Today I will teach you how to customize a HubSpot form with CSS and JavaScript, including jQuery.
Required Before Getting Started
Before getting started, you need to have a Hubspot pro account and have already created a form. Let me explain what type of Hubspot account you need.
Subscribed to a Hubspot Pro Account
Let's go to an article that HubSpot has made in their HubSpot Knowledge Base titled "Set up and style a HubSpot form on an external site." Which I will leave a link to in the description (1). When you click the heading "Style your embedded form with CSS in your external stylesheet " in the article's table of contents or when you scroll to the bottom. You will see a notice at the bottom of the page that Hubspot mentions. To style your Hubspot form in your external stylesheet, you first need to be subscribed to one of the following Hubspot plans:
- Marketing Hub
- or CMS Hub Professional
- or Enterprise
So please make sure to be subscribed. Either to one of those Hubspot plans or to be in a trial of one of those Hubspot plans. I will leave a link to the web page of Products & Plans that Hubspot offers in the description of this video (2). Next, we will open a Hubspot form I created in my account.

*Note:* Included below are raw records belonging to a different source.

Lemma vertex_outer_normal (P : set pt) a v c U W :
  segment a v `&` segment v c = [set v] -> a <> v -> v <> c ->
  (exists2 δ : R, 0 < δ & forall x, `|x.1| < δ -> `|x.2| < δ -> P (padd v x) ->
     segment a v (padd v x) \/ segment v c (padd v x)) ->
  pdot U U = 1 -> pdot U (psub v a) = 0 ->
  (forall b, relint_segment a v b -> outer_normal_at P b U) ->
  pdot W W = 1 -> pdot W (psub c v) = 0 ->
  (forall b, relint_segment v c b -> outer_normal_at P b W) ->
  outer_normal_at P v (padd U W).
Proof.
move=> meet a_neq_v v_neq_c [δ δ_gt0 near_v] U_unit U_perp U_normal W_unit W_perp W_normal.
have U_perp' : pdot U (psub a v) = 0.
  have -> : pdot U (psub a v) = - pdot U (psub v a) by rewrite /pdot /psub /=; ring.
  by rewrite U_perp oppr0.
apply: corner_outer_normal U_unit W_unit U_perp' W_perp _ _ _ _ _ _.
- exact: segments_meet_not_codirected.
- by move=> s /relint_segment_end /U_normal.
- by move=> s /relint_segment_start /W_normal.
- exact: psub_neq0.
- by apply: psub_neq0 => /esym.
- exists δ => // x x1 x2 /(near_v x x1 x2) [/segment_end_ray | /segment_start_ray];
    by [left | right].
Qed.

End Vertex.

Section Polygon.
Variable R : realType.
Variables (n : nat) (p : nat -> (R * R)%type).

Lemma vtx_mod k : vtx n p (k %% n)%N = vtx n p k.
Proof. by rewrite /vtx modn_mod. Qed.

Lemma vtxS_mod k : vtx n p (k %% n)%N.+1 = vtx n p k.+1.
Proof. by rewrite /vtx -addn1 modnDml addn1. Qed.

Lemma edge_mod k : edge n p (k %% n)%N = edge n p k.
Proof. by rewrite /edge vtx_mod vtxS_mod. Qed.

Lemma outer_unit_normal_mod k w :
  outer_unit_normal n p (k %% n)%N w = outer_unit_normal n p k w.
Proof. by rewrite /outer_unit_normal vtx_mod vtxS_mod. Qed.

Lemma modn_neqS k : (1 < n)%N -> (k %% n)%N <> (k.+1 %% n)%N.
Proof.
move=> n_gt1; rewrite -addn1 -modnDml addn1.
have : (k %% n < n)%N by rewrite ltn_pmod // ltnW.
move: (k %% n)%N => r; rewrite leq_eqVlt => /predU1P[r_n | r_lt].
  by rewrite r_n modnn => r0; move: n_gt1; rewrite -r_n r0.
by rewrite modn_small // => /eqP; rewrite eqn_leq ltnn andbF.
Qed.

Hypothesis simple : simple_polygon n p.
Lemma VEPsol_merit_eq0 p n m (C : set 'rV[R]_m) f (K : 'rV[R]_p -> set 'rV[R]_n) xi x :
  VEPsol C f K xi x -> merit C f K xi x = 0%E.
Proof.
move=> [Kx fC]; have nu0 : nu_fun C f K xi x = 0%E.
  apply/eqP; rewrite eq_le; apply/andP; split.
    by apply/ereal_supP => _ [z Kz <-]; rewrite dist_mem //; apply: fC.
  by apply: le_ereal_sup_tmp; exists 0%E => //; exists x; rewrite // dist_mem //; apply: fC.
by rewrite /merit nu0 /mu_fun dist_mem // adde0.
Qed.

End Distances.

Lemma ler_add_scaled_eps (R : realFieldType) (x y c r : R) : 0 < r -> 0 <= c ->
  (forall eta, 0 < eta -> eta < r -> x <= y + c * eta) -> x <= y.
Proof.
move=> r0 c0 H; apply/ler_addgt0Pr => e e0.
set eta := Num.min (r / 2) (e / (c + 1)).
have eta_r2 : eta <= r / 2 by rewrite ge_min lexx.
have eta_e : eta * (c + 1) <= e by rewrite -ler_pdivlMr ?ge_min ?lexx ?orbT //; lra.
have eta0 : 0 < eta by rewrite lt_min !divr_gt0 //; lra.
have := H eta eta0 (le_lt_trans eta_r2 _); nra.
Qed.

Section ExactPenalty.
Variables (R : realType) (p n : nat).
Variables (S1 S2 : set ('rV[R]_p * 'rV[R]_n)) (phi : 'rV[R]_p -> 'rV[R]_n -> R).
Variable wb : 'rV[R]_p * 'rV[R]_n.
Variables (L rL r0 alpha delta : R).
Hypotheses (L0 : 0 <= L) (rL0 : 0 < rL) (r00 : 0 < r0) (alpha0 : 0 < alpha)
  (delta0 : 0 < delta).
Hypothesis phi_lip : forall u v, pmetric u wb < rL -> pmetric v wb < rL ->
  `|phi u.1 u.2 - phi v.1 v.2| <= L * pmetric u v.
Hypothesis wb_min : forall s, S1 s -> S2 s -> pmetric s wb < r0 ->
  phi wb.1 wb.2 <= phi s.1 s.2.
Hypothesis S12_subtr : forall rho, 0 <= rho -> rho < delta ->
  penlarge S1 (alpha * rho) `&` penlarge S2 (alpha * rho) `&` pball wb delta
    `<=` penlarge (S1 `&` S2) rho.

Definition penalty_scale : R := Num.min (Num.min r0 rL) delta.
Local Notation B := penalty_scale.
Definition penalty_radius : R := Num.min B (B * alpha) / 8.
Local Notation radius := penalty_radius.

Let B_gt0 : 0 < B. Proof. by rewrite !lt_min r00 rL0 delta0. Qed.

Lemma penalty_radius_gt0 : 0 < radius.
Proof. by rewrite divr_gt0 // lt_min B_gt0 mulr_gt0. Qed.

Lemma penalty_bound_near_points (c : R) (w s1 s2 : 'rV[R]_p * 'rV[R]_n) :
  pmetric w wb < radius -> 0 <= c -> c < 2 * radius ->
  S1 s1 -> S2 s2 -> pmetric w s1 <= c -> pmetric w s2 <= c ->
  phi wb.1 wb.2 <= phi w.1 w.2 + L / alpha * c.
Proof.
move=> w_near c0 c_small S1s1 S2s2 ws1 ws2.
have rB : 8 * radius <= B by rewrite mulrC divfK // ge_min lexx.
have rBa : 8 * radius <= B * alpha by rewrite mulrC divfK // ge_min lexx orbT.
have [Br0 BrL Bde] : [/\ B <= r0, B <= rL & B <= delta].
  by rewrite !ge_min !lexx !orbT.
set rho := c / alpha.
have alpha_rho : alpha * rho = c by rewrite mulrC divfK // gt_eqF.
have rho0 : 0 <= rho by rewrite divr_ge0 // ltW.
have c_lt : c < B * alpha / 4 by lra.
have rho_small : rho < B / 4 by rewrite ltr_pdivrMr // mulrAC.
have w_mem : (penlarge S1 (alpha * rho) `&` penlarge S2 (alpha * rho)
    `&` pball wb delta) w.
  split; [split|].
  - by exists s1 => //; rewrite alpha_rho.
  - by exists s2 => //; rewrite alpha_rho.
  - by rewrite /pball /= -/(pmetric w wb); lra.
have rho_delta : rho < delta by lra.
have [s [S1s S2s] /= ws] := S12_subtr rho0 rho_delta w_mem.
rewrite -/(pmetric w s) in ws.
have s_near : pmetric s wb < B.
  by apply: le_lt_trans (pmetric_le2 _ w _) _; rewrite pmetricC; lra.
have min_s := wb_min S1s S2s (lt_le_trans s_near Br0).
have w_rL : pmetric w wb < rL by lra.
have lip_s := phi_lip (lt_le_trans s_near BrL) w_rL.
have Lrho : L * pmetric s w <= L / alpha * c.
  by rewrite -alpha_rho mulrA divfK ?gt_eqF // ler_wpM2l // pmetricC.
have := ler_norm (phi s.1 s.2 - phi w.1 w.2); lra.
Qed.

Hypotheses (S1wb : S1 wb) (S2wb : S2 wb).

Lemma penalty_bound_pdist (w : 'rV[R]_p * 'rV[R]_n) (a : R) : pmetric w wb < radius ->
  (pdist w S1 <= a%:E)%E -> (pdist w S2 <= a%:E)%E ->
  phi wb.1 wb.2 <= phi w.1 w.2 + L / alpha * a.
Proof.
move=> w_near wS1 wS2.
have a0 : 0 <= a by rewrite -lee_fin (le_trans (pdist_ge0 _ _) wS1).
(* [wb] lies in both sets, so the level [a] may be capped at [|w - wb| < radius],
   where subtransversality is available. *)
set c := Num.min a (pmetric w wb).
have [ca ct] : c <= a /\ c <= pmetric w wb by rewrite !ge_min !lexx orbT.
have c0 : 0 <= c by rewrite le_min a0 pmetric_ge0.
have pdist_c S : S wb -> (pdist w S <= a%:E)%E -> (pdist w S <= c%:E)%E.
  move=> Swb wSa; rewrite /c minEle; case: ifP => // _.
  exact: pdist_le_pmetric.
have kappa0 : 0 <= L / alpha by rewrite divr_ge0 // ltW.
apply: (ler_add_scaled_eps (c := L / alpha) penalty_radius_gt0 kappa0).
move=> eta eta0 eta_small.
have [s1 S1s1 ws1] := pdist_le_witness (pdist_c _ S1wb wS1) eta0.
have [s2 S2s2 ws2] := pdist_le_witness (pdist_c _ S2wb wS2) eta0.
have ceta0 : 0 <= c + eta by lra.
have ceta_small : c + eta < 2 * penalty_radius by lra.
have := penalty_bound_near_points w_near ceta0 ceta_small S1s1 S2s2 (ltW ws1) (ltW ws2).
have : L / alpha * (c + eta) <= L / alpha * a + L / alpha * eta.
  by rewrite -mulrDr ler_wpM2l // lerD2r.
lra.
Qed.

End ExactPenalty.

Lemma subtransversal_exact_penalty (R : realType) p n
    (S1 S2 : set ('rV[R]_p * 'rV[R]_n)) (phi : 'rV[R]_p -> 'rV[R]_n -> R) wb :
  S1 wb -> S2 wb -> local_minimizer_on (S1 `&` S2) phi wb ->
  locally_lipschitz phi wb -> subtransversal S1 S2 wb ->
  exists kappa r : R, [/\ 0 <= kappa, 0 < r & forall w a, pmetric w wb < r ->
    (pdist w S1 <= a%:E)%E -> (pdist w S2 <= a%:E)%E ->
    phi wb.1 wb.2 <= phi w.1 w.2 + kappa * a].
Proof.
move=> S1wb S2wb [r0 r00 wb_min] [L [rL [rL0 phi_lip]]] [alpha [delta [alpha0 [delta0 subtr]]]].
have L0 : 0 <= Num.max L 0 by rewrite le_max lexx orbT.
have lip u v : pmetric u wb < rL -> pmetric v wb < rL ->
    `|phi u.1 u.2 - phi v.1 v.2| <= Num.max L 0 * pmetric u v.
  move=> uwb vwb; apply: le_trans (phi_lip u v uwb vwb) _.
  by rewrite ler_wpM2r ?pmetric_ge0 // le_max lexx.
exists (Num.max L 0 / alpha), (penalty_radius rL r0 alpha delta); split.
- by rewrite divr_ge0 // ltW.
- exact: penalty_radius_gt0.
- move=> w a; apply: penalty_bound_pdist => // s S1s S2s; exact: wb_min.
Qed.

Theorem mainTheorem8 (R : realType) (p n m : nat) (C : set 'rV[R]_m)
    (f : 'rV[R]_p -> 'rV[R]_n -> 'rV[R]_n -> 'rV[R]_m)
    (K : 'rV[R]_p -> set 'rV[R]_n)
    (phi : 'rV[R]_p -> 'rV[R]_n -> R) (Omega : set 'rV[R]_p)
    (xib : 'rV[R]_p) (xb : 'rV[R]_n) :
  nontrivial_closed_convex_pointed_cone C ->
  pclosed (graph K) ->
  (forall xi, exists x, K xi x) ->
  eclosed Omega ->
  Omega xib -> VEPsol C f K xib xb ->
  (exists r : R, 0 < r /\ forall xi x, Omega xi -> VEPsol C f K xi x ->
      pnorm (xi - xib, x - xb) < r -> phi xib xb <= phi xi x) ->
  locally_lipschitz phi (xib, xb) ->
  pclosed (graph (VEPsol C f K)) ->
  subtransversal [set w | Omega w.1] (graph (VEPsol C f K)) (xib, xb) ->
  forall delta gamma : R, 0 < delta -> 0 < gamma ->
  (forall xi x, enorm (xi - xib) <= delta -> enorm (x - xb) <= delta ->
      (dist x (VEPsol C f K xi) <= merit C f K xi x * (gamma^-1)%:E)%E) ->
  exists lambda : R, 0 < lambda /\
    exists r : R, 0 < r /\ forall xi x, pnorm (xi - xib, x - xb) < r ->
      ((phi xib xb)%:E + lambda%:E * (dist xib Omega + merit C f K xib xb * (gamma^-1)%:E)
        <= (phi xi x)%:E + lambda%:E * (dist xi Omega + merit C f K xi x * (gamma^-1)%:E))%E.
Proof.
move=> _ _ _ _ Oxib Exb [r0 [r00 xb_min]] phi_lip _ subtr delta gamma delta0 gamma0
  err_bound.
have local_min : local_minimizer_on ([set w | Omega w.1] `&` graph (VEPsol C f K))
    phi (xib, xb).
  by exists r0 => // s [Os Es]; apply: xb_min.
have [kappa [r [kappa0 r_gt0 penalty]]] :=
  subtransversal_exact_penalty (S1 := [set w | Omega w.1]) (wb := (xib, xb))
    Oxib Exb local_min phi_lip subtr.
exists (kappa + 1); split; first lra.
exists (Num.min r delta); split; first by rewrite lt_min r_gt0 delta0.
move=> xi x; rewrite lt_min => /andP[near_r near_delta].
rewrite dist_mem // VEPsol_merit_eq0 // mul0e adde0 mule0 adde0.
have bound := err_bound xi x
  (le_trans (enorm_fst_le_pnorm _ (x - xb)) (ltW near_delta))
  (le_trans (enorm_snd_le_pnorm (xi - xib) _) (ltW near_delta)).
set D := (dist xi Omega + _)%E.
have D_fst : (dist xi Omega <= D)%E by apply: leeDl; apply: le_trans bound; exact: dist_ge0.
have D_snd : (dist x (VEPsol C f K xi) <= D)%E by apply: le_trans bound (leeDr _ _); exact: dist_ge0.
have D0 : (0 <= D)%E := le_trans (dist_ge0 _ _) D_fst.
clearbody D; case: D D_fst D_snd D0 => [d | | ] D_fst D_snd D0.
- have := penalty (xi, x) d near_r (le_trans (pdist_fst_le _ _ _) D_fst)
    (le_trans (pdist_graph_le _ _ _) D_snd).
  rewrite -EFinM -EFinD lee_fin lee_fin in D0 *; nra.
- by rewrite gt0_muley ?lte_fin ?addey ?leey //; lra.
- by rewrite leeNy_eq in D0.
Qed.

Opening and Sharing a Hubspot Form
We do this by logging into our Hubspot account, going to the top menu, clicking the Marketing tab, hovering over the Lead Capture tab, and clicking on the Forms tab. We then click on one of the forms to open the Hubspot form editor or create a new form. In my case, I already made a form that I will now open, as you can see on the right-hand side of this form editor that we have open. You can see I have added several fields, one for the First name, a form field for an Email, and another to write a message.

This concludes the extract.